题目
Your colleague Patricia is conducting a regression analysis based on a large sample (N> 30) from her bank's customer database. The dependent variables the customer's FICO credit score. The independent variable is an internal composite score based on the customer's education level and other factors. Her classical linear regression model (CLRM) is therefore given by FICO(i) = β(0) +β(1)×SCORE(i) + u(i). She generates her sample regression function (SRF) from a large random sample of size N where the population presumably has a mean, μ, and finite variance, For example, her sample dependent values are FICO(1), FICO(2), FICO(3), ..., FICO(N).

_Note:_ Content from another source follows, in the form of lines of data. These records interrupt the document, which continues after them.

(* Let $\langle \mathscr{A} \mid \mathscr{R} \rangle$ be a $C(4)$ presentation. Suppose $w = XYZw'$, where $XYZ$ is a relation word with $X$, $Y$, $Z$ respectively its maximal piece prefix, middle word and maximal piece suffix, and $XY$ is a clean overlap prefix of $w$. Let $p$ be a piece. Then $\rho(pw') < \rho(w)$.
   Context: A monoid presentation $\langle \mathscr{A} \mid \mathscr{R} \rangle$ consists of an alphabet $\mathscr{A}$ and a set $\mathscr{R} \subseteq \mathscr{A}^* \times \mathscr{A}^*$ of relations. A relation word is a word occurring as one side of a relation. A piece is a word which occurs as a factor of two distinct relation words, or in two different (possibly overlapping) positions within one relation word; the empty word is always a piece. The presentation is $C(n)$ if no relation word can be written as a product of strictly fewer than $n$ pieces. For a relation word $R$ in a $C(3)$ (or stronger) presentation write $R = X_R Y_R Z_R$ where $X_R$ is the longest prefix of $R$ which is a piece (maximal piece prefix), $Z_R$ is the longest suffix which is a piece (maximal piece suffix), and $Y_R$ is the remaining middle word. A relation prefix of a word $u$ is a prefix of $u$ of the form $aX_RY_R$ for some word $a$ and relation word $R$. An overlap prefix of $u$ is a relation prefix admitting a factorisation $b X_1 Y_1' X_2 Y_2' \cdots X_n Y_n$ where: $n \geq 1$; this prefix has no factor of the form $X_0Y_0$ ($X_0,Y_0$ the maximal piece prefix and middle word of some relation word) beginning before the end of $b$; for each $i$, $R_i = X_iY_iZ_i$ is a relation word with $X_i$, $Y_i$, $Z_i$ its maximal piece prefix, middle word and maximal piece suffix; and for $1 \leq i < n$, $Y_i'$ is a proper non-empty prefix of $Y_i$. A relation prefix $aXY$ of $u$ is clean if $u$ does not have a prefix $aXY'X_1Y_1$ where $X_1, Y_1$ are the maximal piece prefix and middle word of some relation word and $Y'$ is a proper non-empty prefix of $Y$. The function $\rho : \mathscr{A}^* \to \mathbb{Z}$ is defined by $\rho(w) = -1$ if $w$ has no clean overlap prefix, and otherwise $\rho(w)$ is the length of the suffix of $w$ following the clean overlap prefix. *)

From mathcomp Require Import all_boot all_order all_algebra.
From Stdlib Require Import ClassicalEpsilon.
Set Implicit Arguments. Unset Strict Implicit. Unset Printing Implicit Defensive.

Section Presentations.
Variable A : eqType.
Variable R : seq A * seq A -> Prop.

Definition word := seq A.

Definition relword (u : word) : Prop := exists v, R (u, v) \/ R (v, u).

Definition occurs_at (p u : word) (i : nat) : Prop :=
  exists x y, u = x ++ p ++ y /\ size x = i.

Definition piece (p : word) : Prop :=
  p = [::] \/
  exists u v i j, relword u /\ relword v /\ occurs_at p u i /\ occurs_at p v j
                  /\ (u <> v \/ i <> j).

Definition Cn (n : nat) : Prop :=
  forall (u : word) (ps : seq word), relword u ->
    (forall q, q \in ps -> piece q) -> u = flatten ps -> n <= size ps.

Definition is_prefix (p u : word) : Prop := exists s, u = p ++ s.
Definition is_suffix (p u : word) : Prop := exists s, u = s ++ p.

Definition max_piece_prefix (r X : word) : Prop :=
  is_prefix X r /\ piece X /\
  forall X', is_prefix X' r -> piece X' -> size X' <= size X.

Definition max_piece_suffix (r Z : word) : Prop :=
  is_suffix Z r /\ piece Z /\
  forall Z', is_suffix Z' r -> piece Z' -> size Z' <= size Z.

Definition xyz (X Y Z : word) : Prop :=
  relword (X ++ Y ++ Z) /\ max_piece_prefix (X ++ Y ++ Z) X /\
  max_piece_suffix (X ++ Y ++ Z) Z.

(* words of the form X_1 Y_1' X_2 Y_2' ... X_n Y_n  (n >= 1) *)
Inductive ochain : word -> Prop :=
| och_last X Y Z : xyz X Y Z -> ochain (X ++ Y)
| och_cons X Y Z Y' t rest :
    xyz X Y Z -> Y' <> [::] -> t <> [::] -> Y = Y' ++ t ->
    ochain rest -> ochain (X ++ Y' ++ rest).

Definition overlap_prefix (u v : word) : Prop :=
  is_prefix v u /\
  exists b c, v = b ++ c /\ ochain c /\
    (forall X0 Y0 Z0, xyz X0 Y0 Z0 ->
       forall x y, v = x ++ (X0 ++ Y0) ++ y -> size b <= size x).

Definition clean (u a X Y : word) : Prop :=
  ~ exists Y' t X1 Y1 Z1 s,
      Y = Y' ++ t /\ Y' <> [::] /\ t <> [::] /\ xyz X1 Y1 Z1 /\
      u = a ++ X ++ Y' ++ X1 ++ Y1 ++ s.

Definition clean_overlap_prefix (u v : word) : Prop :=
  overlap_prefix u v /\
  exists a X Y Z, xyz X Y Z /\ v = a ++ X ++ Y /\ clean u a X Y.

Definition pbool (P : Prop) : bool :=
  if excluded_middle_informative P then true else false.

Definition has_cop (w : word) : Prop :=
  exists k, clean_overlap_prefix w (take k w) /\ k <= size w.

(* rho w = -1 if w has no clean overlap prefix, otherwise the length of the
   suffix following the clean overlap prefix (the shortest one, should there
   be several) *)
Definition rho (w : word) : int :=
  match excluded_middle_informative (has_cop w) with
  | left H =>
      Posz (size w - @ex_minn (fun k => pbool (clean_overlap_prefix w (take k w)
                                              /\ k <= size w))
                     (let: ex_intro k Hk := H in
                      ex_intro _ k (match excluded_middle_informative _ as e
                                     return (if e then true else false) = true
                                    with left _ => erefl | right n => False_ind _ (n Hk) end)))
  | right _ => (-1)%R
  end.

End Presentations.

(* A clean overlap prefix of w ends with the relation prefix X Y, so
   rho(w) >= |Z w'|. On the other hand, a relation prefix a X1 Y1 of p w'
   cannot end inside the piece p: otherwise X1 Y1 would be a piece and the
   relation word X1 Y1 Z1 a product of two pieces, contradicting C(3). Hence
   either p w' has no clean overlap prefix, or the suffix after it is a
   proper suffix of w'; in both cases rho(p w') < |w'| <= rho(w). *)
From mathcomp Require Import all_boot all_order all_algebra.
From Stdlib Require Import ClassicalEpsilon.
From mathcomp Require Import zify.

Import Order.POrderTheory.

Set Implicit Arguments.
Unset Strict Implicit.
Unset Printing Implicit Defensive.

Lemma pboolP (P : Prop) : reflect P (pbool P).
Proof. by rewrite /pbool; case: excluded_middle_informative => H; constructor. Qed.

Section Presentation.
Variables (A : eqType) (R : seq A * seq A -> Prop).

Lemma CnW m n : m <= n -> Cn R n -> Cn R m.
Proof. by move=> le_mn HCn u ps Hu Hps Eu; exact: leq_trans le_mn (HCn u ps Hu Hps Eu). Qed.

Lemma piece_infix (p c q d : seq A) : piece R p -> p = c ++ q ++ d -> piece R q.
Proof.
case=> [->|[u [v [i [j [Hu [Hv [[x1 [y1 [Eu <-]]] [[x2 [y2 [Ev <-]]] Hneq]]]]]]]]] Ep.
  by left; case: q Ep => //; case: c.
right; exists u, v, (size (x1 ++ c)), (size (x2 ++ c)); do 2!split => //.
split; first by exists (x1 ++ c), (d ++ y1); rewrite Eu Ep !catA.
split; first by exists (x2 ++ c), (d ++ y2); rewrite Ev Ep !catA.
by case: Hneq => [|Hij]; [left | right; rewrite !size_cat; lia].
Qed.

Lemma xyz_prefix_not_piece (X Y Z : seq A) :
  Cn R 3 -> xyz R X Y Z -> ~ piece R (X ++ Y).
Proof.
move=> HC3 [Hrel [_ [_ [HZ _]]]] HXY.
have Hps q : q \in [:: X ++ Y; Z] -> piece R q by rewrite !inE => /orP[/eqP->|/eqP->].
by have := HC3 _ _ Hrel Hps; rewrite /= cats0 catA => /(_ erefl).
Qed.

Lemma relation_prefix_longer_than_piece (p v a X Y Z : seq A) :
  Cn R 3 -> piece R p -> xyz R X Y Z -> is_prefix (a ++ X ++ Y) (p ++ v) ->
  size p < size (a ++ X ++ Y).
Proof.
move=> HC3 Hp Hxyz [s Epv]; rewrite ltnNge; apply/negP => le_p.
have Etake : take (size (a ++ X ++ Y)) p = a ++ X ++ Y.
  by rewrite -(takel_cat v le_p) Epv take_size_cat.
have Ep : p = a ++ (X ++ Y) ++ drop (size (a ++ X ++ Y)) p.
  by rewrite catA -{1}Etake cat_take_drop.
exact: xyz_prefix_not_piece HC3 Hxyz (piece_infix Hp Ep).
Qed.

Lemma rho_has_cop (u : seq A) : has_cop R u ->
  exists m, [/\ clean_overlap_prefix R u (take m u), m <= size u,
    forall k, clean_overlap_prefix R u (take k u) -> k <= size u -> m <= k
    & rho R u = Posz (size u - m)].
Proof.
rewrite /rho; case: excluded_middle_informative => // Hu _.
case: ex_minnP => m /pboolP[Hcop le_m] Hmin; exists m; split => // k Hk le_k.
by apply: Hmin; apply/pboolP.
Qed.

Lemma rho_no_cop (u : seq A) : ~ has_cop R u -> rho R u = (-1)%R.
Proof. by rewrite /rho; case: excluded_middle_informative. Qed.

Lemma rho_ge (u : seq A) k :
  clean_overlap_prefix R u (take k u) -> k <= size u -> (Posz (size u - k) <= rho R u)%R.
Proof.
move=> Hk le_k; have [|m [_ le_m Hmin ->]] := @rho_has_cop u; first by exists k.
by rewrite lez_nat leq_sub2l // Hmin.
Qed.

Lemma rho_lt (u : seq A) n :
  (forall k, clean_overlap_prefix R u (take k u) -> k <= size u -> n < k) ->
  (rho R u < Posz (size u - n))%R.
Proof.
move=> Hlong; have [Hu|Hu] := pboolP (has_cop R u); last by rewrite rho_no_cop.
have [m [Hm le_m _ ->]] := @rho_has_cop u Hu.
by rewrite ltz_nat; have := Hlong m Hm le_m; lia.
Qed.

Lemma cop_longer_than_piece (p v : seq A) k :
  Cn R 3 -> piece R p -> clean_overlap_prefix R (p ++ v) (take k (p ++ v)) ->
  k <= size (p ++ v) -> size p < k.
Proof.
move=> HC3 Hp [_ [a [X [Y [Z [Hxyz [Ek _]]]]]]] le_k.
have Hpre : is_prefix (a ++ X ++ Y) (p ++ v).
  by exists (drop k (p ++ v)); rewrite -Ek cat_take_drop.
have := relation_prefix_longer_than_piece HC3 Hp Hxyz Hpre.
by rewrite -Ek size_take_min; lia.
Qed.

End Presentation.

Theorem lemma2 (A : eqType) (R : seq A * seq A -> Prop) (HC4 : Cn R 4)
    (w w' X Y Z p : seq A) :
  xyz R X Y Z ->
  w = X ++ Y ++ Z ++ w' ->
  overlap_prefix R w (X ++ Y) ->
  clean R w [::] X Y ->
  piece R p ->
  (rho R (p ++ w') < rho R w)%R.
Proof.
move=> Hxyz Ew Hov Hcl Hp.
have HC3 : Cn R 3 := CnW (isT : 3 <= 4) HC4.
have Etake : take (size (X ++ Y)) w = X ++ Y by rewrite Ew catA take_size_cat.
have Hcop : clean_overlap_prefix R w (take (size (X ++ Y)) w).
  by rewrite Etake; split=> //; exists [::], X, Y, Z.
have le_XY : size (X ++ Y) <= size w by rewrite Ew !size_cat; lia.
have Hge := rho_ge Hcop le_XY.
have Hlt := rho_lt (u := p ++ w') (fun k => cop_longer_than_piece HC3 Hp).
apply: (lt_le_trans Hlt); apply: le_trans Hge.
by rewrite lez_nat Ew !size_cat; lia.
Qed.
(* Consider robust dynamic pricing with horizon $T$, valuation $v^\star\in[0,1)$, and feedback corrupted in at most $C$ rounds, and run the meta-algorithm described in the context with an arbitrary commitment subroutine. Then the number of commit failures on incorrect leaves satisfies \[ N_{\textsc{F}} \le \lceil\log_2 T\rceil + C + N_{\textsc{T}}, \] and the regret satisfies \[ R_T \le \sum_{\ell\in\mathcal L} R(\ell) + 3\lceil\log_2 T\rceil + 6C + 3N_{\textsc{T}}. \]
   Context: Robust dynamic pricing: there are $T$ rounds and an unknown valuation $v^\star\in[0,1)$. At each round $t$ the seller posts a price $p_t\in[0,1]$ (chosen, possibly at random, based on past observations). The true sale indicator is $y_t=\mathbbm 1\{p_t\le v^\star\}$; the seller observes $\sigma_t\in\{0,1\}$, and round $t$ is corrupted if $\sigma_t\ne y_t$. At most $C$ rounds are corrupted: $|\{t\in[T]:\sigma_t\neq y_t\}|\le C$. The adversary decides whether to corrupt round $t$ based on the history and on the seller's distribution over $p_t$, but not on the realized $p_t$ (how it corrupts may depend on the realized price). Revenue is $r_t=p_t\,\mathbbm 1\{p_t\le v^\star\}$ and regret is $R_T=T v^\star-\sum_{t=1}^T r_t$. Meta-algorithm: let $D=\lceil\log_2 T\rceil$. Consider the complete binary tree of intervals of depth $D$ whose root is $[0,1)$ and in which each non-leaf node $[L,R)$ has children $[L,M)$ and $[M,R)$ with $M=(L+R)/2$; the nodes at depth $D$ are the leaves, forming the set $\mathcal L$ (each of length at most $1/T$), and $\ell^\star$ denotes the unique leaf containing $v^\star$. The algorithm keeps a current node $I$, initially the root, and repeats until the horizon ends: if $I=[L,R)$ is not a leaf, it performs a safety check — post $L$ and observe $\sigma_L$, then post $R$ and observe $\sigma_R$; the check fails if $\sigma_L=0$ or $\sigma_R=1$ (by convention, the query at $L=0$ and the query at $R=1$ always count as passing). If the check fails, $I$ is replaced by its parent; otherwise the algorithm posts $M=(L+R)/2$, observes $\sigma_M$, and replaces $I$ by $[M,R)$ if $\sigma_M=1$ and by $[L,M)$ if $\sigma_M=0$. If $I$ is a leaf, the algorithm calls a commitment subroutine on $I$, which posts prices on consecutive rounds and either continues until the horizon ends or returns FAIL, in which case $I$ is replaced by its parent. For a leaf $\ell$, $Q(\ell)$ is the set of rounds during which the commitment subroutine runs on $\ell$, and $R(\ell)=\sum_{t\in Q(\ell)}(v^\star-p_t\mathbbm 1\{p_t\le v^\star\})$. $N_{\textsc{T}}$ is the number of times the commitment subroutine returns FAIL on $\ell^\star$, and $N_{\textsc{F}}$ is the number of times it returns FAIL on a leaf different from $\ell^\star$. *)

From HB Require Import structures.
From mathcomp Require Import all_boot all_order all_algebra.
From mathcomp Require Import reals.
Set Implicit Arguments. Unset Strict Implicit. Unset Printing Implicit Defensive.
Import Order.TTheory GRing.Theory Num.Theory.
Local Open Scope ring_scope.

(* A node of the dyadic tree: (depth d, index k), the interval
   [k/2^d, (k+1)/2^d).  The root is (0,0).  *)
Definition node := (nat * nat)%type.

Section Pricing.
Variable R : realType.

(* history: sequence of (posted price, observed feedback sigma) *)
Definition hist := seq (R * bool).

Definition nodeL (n : node) : R := n.2%:R / 2%:R ^+ n.1.
Definition nodeR (n : node) : R := n.2.+1%:R / 2%:R ^+ n.1.
Definition nodeM (n : node) : R := (n.2.*2.+1)%:R / 2%:R ^+ n.1.+1.
(* parent; convention: the parent of the root is the root (only relevant
   when the tree has depth 0, i.e. T = 1) *)
Definition parent (n : node) : node := (n.1.-1, n.2./2).
Definition lchild (n : node) : node := (n.1.+1, n.2.*2).
Definition rchild (n : node) : node := (n.1.+1, n.2.*2.+1).
Definition in_node (v : R) (n : node) : bool := (nodeL n <= v) && (v < nodeR n).

(* phase of the meta-algorithm within the current node:
   PhL   : about to post L (safety check, first query)
   PhR b : about to post R; b = whether the query at L passed
   PhM   : check passed, about to post M
   PhC loc : commitment subroutine running, loc = history of this call *)
Inductive phase := PhL | PhR of bool | PhM | PhC of hist.
Definition state := (node * phase)%type.

(* one round of the run: posted price, observed feedback, the leaf on which
   the commitment subroutine posted this price (if any), and the leaf on
   which the commitment subroutine returned FAIL at the start of this round
   (if any). *)
Record rec := Rec { rprice : R; rsig : bool; rcommit : option node;
                    rfail : option node }.

Variables (D : nat)
  (* commitment subroutine: price posted given leaf, global history and the
     history of the current call *)
  (cprice : node -> hist -> hist -> R)
  (* commitment subroutine: whether to return FAIL (consulted before each
     round of a call except its first) *)
  (cstop : node -> hist -> hist -> bool)
  (* adversary: observed feedback given the history and the posted price *)
  (adv : hist -> R -> bool).

Definition enter (n : node) : state :=
  if n.1 == D then (n, PhC [::]) else (n, PhL).

Definition resolve (s : state) (h : hist) : state * option node :=
  let: (n, ph) := s in
  match ph with
  | PhC loc => if (loc != [::]) && cstop n h loc
               then (enter (parent n), Some n) else (s, None)
  | _ => (s, None)
  end.

Definition post (s : state) (h : hist) : R * option node :=
  let: (n, ph) := s in
  match ph with
  | PhL => (nodeL n, None)
  | PhR _ => (nodeR n, None)
  | PhM => (nodeM n, None)
  | PhC loc => (cprice n h loc, Some n)
  end.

We can assume her random selections are identically and independently distributed. Each of the following statements is true EXCEPT which is false?
选项
A.According to the central limit theorem (CLT), as the sample size increases, the sample average of the FICO scores will itself tend to follow a normal distribution
B.According to the CLT, the intercept, \u03b2(0), and slope, \u03b2(1), estimators in her regression should follow an approximately normal distribution
C.If the other assumptions of CLRM are valid, including that the error term has a conditional mean of zero and constant variance, then the error terms are approximately normal
D.If the FICO score--which happens to be the dependent variable in the regression--is positively or negatively skewed, then the distribution of its own sample mean will be skewed even for a large sample; and further, this will violate an CLRM assumption if we regress it against the internal composite score
答案
D
解析
The regression model does not insist on an assumption about the distribution of the dependent variable, and the CLT (which finds that the sample mean is approximately normal) is indifferent to the shape of the underlying distribution. In regard to (A), (B) and (C) each is TRUE. Please notice that the CLT informs not only the sample mean of the FICO score, in terms of its own univariate distribution, but also informs the normality of each of the coefficients and the error term in the regression model. 回归模型没有坚持关于因变量的分布的假设,并且中心极限理论(发现样本均值近似于正态)不受基础分布的形状的影响。关于(A),(B)和(C)均正确。请注意,中心极限理论不仅根据其自身的单变量分布告知FICO评分的样本均值,还告知回归模型中每个系数的正态性和误差项。